_Records shown_
Lemma End_lattice_ext s : End_lattice L s <-> End_lattice L' s.
Proof. by split=> hs x /LL' /hs /LL'. Qed.

Lemma dual_lattice_ext x : dual_lattice v B L x <-> dual_lattice v B L' x.
Proof. by split=> hx y /LL' /hx. Qed.

End Ext.

Lemma order_of_ext (F : fieldType) (v : F -> int) B (L L' : 'cV[F]_2 -> Prop) s :
  (forall x, L x <-> L' x) -> order_of v B L s <-> order_of v B L' s.
Proof.
move=> LL'; rewrite /order_of (End_lattice_ext LL').
by rewrite (End_lattice_ext (dual_lattice_ext v B LL')).
Qed.

Section Image.
Variables (F : fieldType) (v : F -> int) (B g : 'M[F]_2).
Hypothesis g_unit : g \in unitmx.

Lemma is_lattice_image L : is_lattice v L -> is_lattice v (lattice_image g L).
Proof.
case=> n [gs [hL g_span]]; exists n, (fun i => g *m gs i); split => [x|w].
  rewrite /lattice_image hL; split=> [[c [hc e]] | [c [hc ->]]]; exists c; split => //.
    by rewrite -(mulKVmx g_unit x) e mulmx_sumr; apply: eq_bigr => i _; rewrite scalemxAr.
  by rewrite mulmx_sumr; apply: eq_bigr => i _; rewrite -scalemxAr mulKmx.
have [c e] := g_span (invmx g *m w); exists c.
by rewrite -(mulKVmx g_unit w) e mulmx_sumr; apply: eq_bigr => i _; rewrite scalemxAr.
Qed.

Lemma End_lattice_image L s :
  End_lattice (lattice_image g L) (g *m s *m invmx g) <-> End_lattice L s.
Proof.
have conjE y : invmx g *m (g *m s *m invmx g *m y) = s *m (invmx g *m y).
  by rewrite !mulmxA mulVmx // mul1mx -mulmxA.
rewrite /End_lattice /lattice_image; split=> hs x Lx; last by rewrite conjE; apply: hs.
by have := hs (g *m x); rewrite conjE !mulKmx //; apply.
Qed.

Variable mu : F.
Hypotheses (mu0 : mu != 0) (g_sim : similitude B g mu).

Lemma similitudeV : similitude B (invmx g) mu^-1.
Proof.
move=> x y; apply: (mulfI mu0).
by rewrite -g_sim !mulKVmx // mulrA mulfV // mul1r.
Qed.

Lemma norm_lattice_image L a : norm_lattice v B (lattice_image g L) a ->
  exists2 a', norm_lattice v B L a' & a = mu * a'.
Proof.
move=> [n [y [c [hy ->]]]]; exists (\sum_i c i * qform B (invmx g *m y i)).
  by exists n, (fun i => invmx g *m y i), c.
rewrite mulr_sumr; apply: eq_bigr => i _.
by rewrite /qform mulrCA -g_sim mulKVmx.
Qed.

End Image.

Section SimilitudeImage.
Variables (F : fieldType) (v : F -> int) (B g : 'M[F]_2) (mu : F).
Hypotheses (g_unit : g \in unitmx) (mu0 : mu != 0) (g_sim : similitude B g mu).
Local Notation b := (bform B).

Lemma dual_lattice_image L x :
  dual_lattice v B (lattice_image g L) x <->
  lattice_image (mu^-1 *: g) (dual_lattice v B L) x.
Proof.
rewrite /lattice_image invmxZ ?unitmxZ ?unitfE ?invr_eq0 // invrK.
have scaleE y : b ((mu *: invmx g) *m x) y = b x (g *m y).
  by rewrite -{1}[y](mulKmx g_unit) -scalemxAl bformZl -g_sim !mulKVmx.
split=> hx y Ly; last by rewrite -(mulKVmx g_unit y) -scaleE; apply: hx.
by rewrite scaleE; apply: hx; rewrite /lattice_image mulKmx.
Qed.

Lemma order_of_image L s :
  order_of v B (lattice_image g L) (g *m s *m invmx g) <-> order_of v B L s.
Proof.
have conjZ : g *m s *m invmx g = (mu^-1 *: g) *m s *m invmx (mu^-1 *: g).
  rewrite invmxZ ?unitmxZ ?unitfE ?invr_eq0 // invrK.
  by rewrite -!scalemxAl -scalemxAr scalerA mulVf // scale1r.
have dualE : End_lattice (dual_lattice v B (lattice_image g L)) (g *m s *m invmx g) <->
             End_lattice (dual_lattice v B L) s.
  apply: iff_trans (End_lattice_ext (dual_lattice_image L) _) _.
  rewrite conjZ; apply: End_lattice_image.
  by rewrite unitmxZ ?unitfE ?invr_eq0.
by split=> -[h1 h2]; split; first [exact/(End_lattice_image g_unit) | exact/dualE].
Qed.

Lemma image_order_of L t :
  (exists2 s, order_of v B L s & g *m s *m invmx g = t) <->
  order_of v B (lattice_image g L) t.
Proof.
have conjK : g *m (invmx g *m t *m g) *m invmx g = t.
  by rewrite !mulmxA mulmxV // mul1mx mulmxK.
split=> [[s hs <-] | ht]; first exact: (proj2 (order_of_image L s)).
by exists (invmx g *m t *m g) => //; apply: (proj1 (order_of_image L _)); rewrite conjK.
Qed.

Lemma maximal_lattice_image I L : maximal_lattice v B I L ->
  maximal_lattice v B (scale_ideal mu I) (lattice_image g L).
Proof.
case=> hl hn hmax; split; first exact: is_lattice_image.
  by move=> a /(norm_lattice_image g_unit g_sim) [a' /hn Ia' ->]; exists a'.
move=> L'' hl'' sub hn'' x L''x.
have gV_unit : invmx g \in unitmx by rewrite unitmx_inv.
apply: (hmax (lattice_image (invmx g) L'') (is_lattice_image gV_unit hl'')).
- by move=> y Ly; rewrite /lattice_image invmxK; apply: sub; rewrite /lattice_image mulKmx.
- move=> a /(norm_lattice_image gV_unit (similitudeV g_unit mu0 g_sim)).
  by case=> a' /hn'' [a0 Ia0 ->] ->; rewrite mulrA mulVf // mul1r.
by rewrite /lattice_image invmxK mulKVmx.
Qed.

End SimilitudeImage.

Section MatrixAlgebra.
Variables (F : fieldType) (n : nat).
Local Notation M := 'M[F]_n.+1.

Lemma mx_centre (K : M) : (forall s, K *m s = s *m K) -> K = (K 0 0)%:M.
Proof.
move=> hK; apply/matrixP => a i; have /matrixP/(_ a 0) := hK (delta_mx i 0).
rewrite !mxE [X in X = _ -> _](bigD1 i) // [X in _ = X -> _](bigD1 0) //= !mxE !eqxx.
rewrite /= mulr1 !big1 ?addr0 => [->| j /negPf nj | j /negPf nj];
  by rewrite ?mxE ?nj ?andbT ?andbF ?mul0r ?mulr0 ?mulr_natl.
Qed.

Lemma skolem_noether (phi : M -> M) : injective phi ->
  (forall s t, phi (s + t) = phi s + phi t) ->
  (forall s t, phi (s *m t) = phi s *m phi t) ->
  (forall (c : F) s, phi (c *: s) = c *: phi s) ->
  exists2 g, g \in unitmx & forall s, phi s = g *m s *m invmx g.
Proof.
move=> phi_inj phiD phiM phiZ.
have phi0 : phi 0 = 0 by apply: (addrI (phi 0)); rewrite -phiD !addr0.
pose e0 : 'rV[F]_n.+1 := delta_mx 0 0.
have P00 : phi (delta_mx 0 0) != 0.
  apply/eqP; rewrite -phi0 => /phi_inj/matrixP/(_ 0 0)/eqP.
  by rewrite !mxE eqxx oner_eq0.
have [u Pu] : exists u : 'cV_n.+1, phi (delta_mx 0 0) *m u != 0.
  apply: NNPP => none; case/eqP: P00; apply: mx_cV_ext => x.
  by rewrite mul0mx; apply/eqP; apply: contra_notT none => Px; exists x.
(* [g x = phi (x e0) u] (see [gE]), so [phi s *m g = g *m s] follows from the
   multiplicativity of [phi]. *)
pose g := \sum_k (phi (delta_mx k 0) *m u) *m delta_mx 0 k.
have col0E (x : 'cV[F]_n.+1) : x *m e0 = \sum_k x k 0 *: delta_mx k 0.
  have {1}-> : x = \sum_k x k 0 *: delta_mx k 0.
    apply: trmx_inj; rewrite [LHS]row_sum_delta linear_sum; apply: eq_bigr => k _.
    by rewrite linearZ /= trmx_delta mxE.
  by rewrite mulmx_suml; apply: eq_bigr => k _; rewrite -scalemxAl mul_delta_mx.
have gE x : g *m x = phi (x *m e0) *m u.
  rewrite col0E (big_morph phi phiD phi0) mulmx_suml mulmx_suml; apply: eq_bigr => k _.
  by rewrite -mulmxA -rowE (mx11_scalar (row k x)) mxE mul_mx_scalar phiZ -scalemxAl.
have comm s : phi s *m g = g *m s.
  by apply: mx_cV_ext => x; rewrite -!mulmxA !gE mulmxA -phiM mulmxA.
have g_unit : g \in unitmx.
  rewrite unitmxE unitfE -det_tr; apply/det0P => -[r r0 rg].
  have [k rk] : exists k, r 0 k != 0.
    apply: NNPP => none; case/eqP: r0; apply/matrixP => a k; rewrite ord1 mxE.
    by apply/eqP; apply: contra_notT none => ?; exists k.
  have g0 (x : 'cV[F]_n.+1) : g *m x = 0.
    apply: (scalemx_inj rk); rewrite scaler0 scalemxAr.
    have -> : r 0 k *: x = (x *m delta_mx 0 k) *m r^T.
      by rewrite -mulmxA -rowE (mx11_scalar (row k r^T)) !mxE mul_mx_scalar.
    have gr : g *m r^T = 0 by rewrite -[g]trmxK -trmx_mul rg trmx0.
    by rewrite mulmxA -comm -mulmxA gr mulmx0.
  by case/eqP: Pu; rewrite -(mul_delta_mx (0 : 'I_1) (0 : 'I_n.+1) (0 : 'I_n.+1)) -/e0 -gE g0.
by exists g => // s; rewrite -comm mulmxK.
Qed.

End MatrixAlgebra.

Section Adjoint.
Variables (F : fieldType) (B : 'M[F]_2) (dag : 'M[F]_2 -> 'M[F]_2).
Hypotheses (B_sym : B^T = B) (B_unit : B \in unitmx)
  (hdag : forall s x y, bform B x (s *m y) = bform B (dag s *m x) y).
Local Notation b := (bform B).

Lemma conj_inv_automorphism g mu : g \in unitmx -> similitude B g mu ->
  inv_automorphism dag (fun s => g *m s *m invmx g).
Proof.
move=> g_unit g_sim; split.
  exists (fun s => invmx g *m s *m g) => s.
    by rewrite !mulmxA mulVmx // mul1mx mulmxKV.
  by rewrite !mulmxA mulmxV // mul1mx mulmxK.
split=> [s t|]; first by rewrite mulmxDr mulmxDl.
split=> [s t|]; first by rewrite -mulmxE !mulmxA mulmxKV.
split; first by rewrite /= mulmx1 mulmxV.
split=> [c s|s]; first by rewrite -scalemxAr -scalemxAl.
apply: (bform_mulmx_inj B_unit) => x y.
rewrite -(mulKVmx g_unit y) -!mulmxA g_sim -hdag -g_sim !mulKVmx //.
by rewrite !mulmxA hdag.
Qed.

_The task_
Restate the listing word for word, but only from its first line through the line with "by rewrite -(mulKVmx g_unit x)", keeping both end lines.

_Response to the task_
Lemma End_lattice_ext s : End_lattice L s <-> End_lattice L' s.
Proof. by split=> hs x /LL' /hs /LL'. Qed.

Lemma dual_lattice_ext x : dual_lattice v B L x <-> dual_lattice v B L' x.
Proof. by split=> hx y /LL' /hx. Qed.

End Ext.

Lemma order_of_ext (F : fieldType) (v : F -> int) B (L L' : 'cV[F]_2 -> Prop) s :
  (forall x, L x <-> L' x) -> order_of v B L s <-> order_of v B L' s.
Proof.
move=> LL'; rewrite /order_of (End_lattice_ext LL').
by rewrite (End_lattice_ext (dual_lattice_ext v B LL')).
Qed.

Section Image.
Variables (F : fieldType) (v : F -> int) (B g : 'M[F]_2).
Hypothesis g_unit : g \in unitmx.

Lemma is_lattice_image L : is_lattice v L -> is_lattice v (lattice_image g L).
Proof.
case=> n [gs [hL g_span]]; exists n, (fun i => g *m gs i); split => [x|w].
  rewrite /lattice_image hL; split=> [[c [hc e]] | [c [hc ->]]]; exists c; split => //.
    by rewrite -(mulKVmx g_unit x) e mulmx_sumr; apply: eq_bigr => i _; rewrite scalemxAr.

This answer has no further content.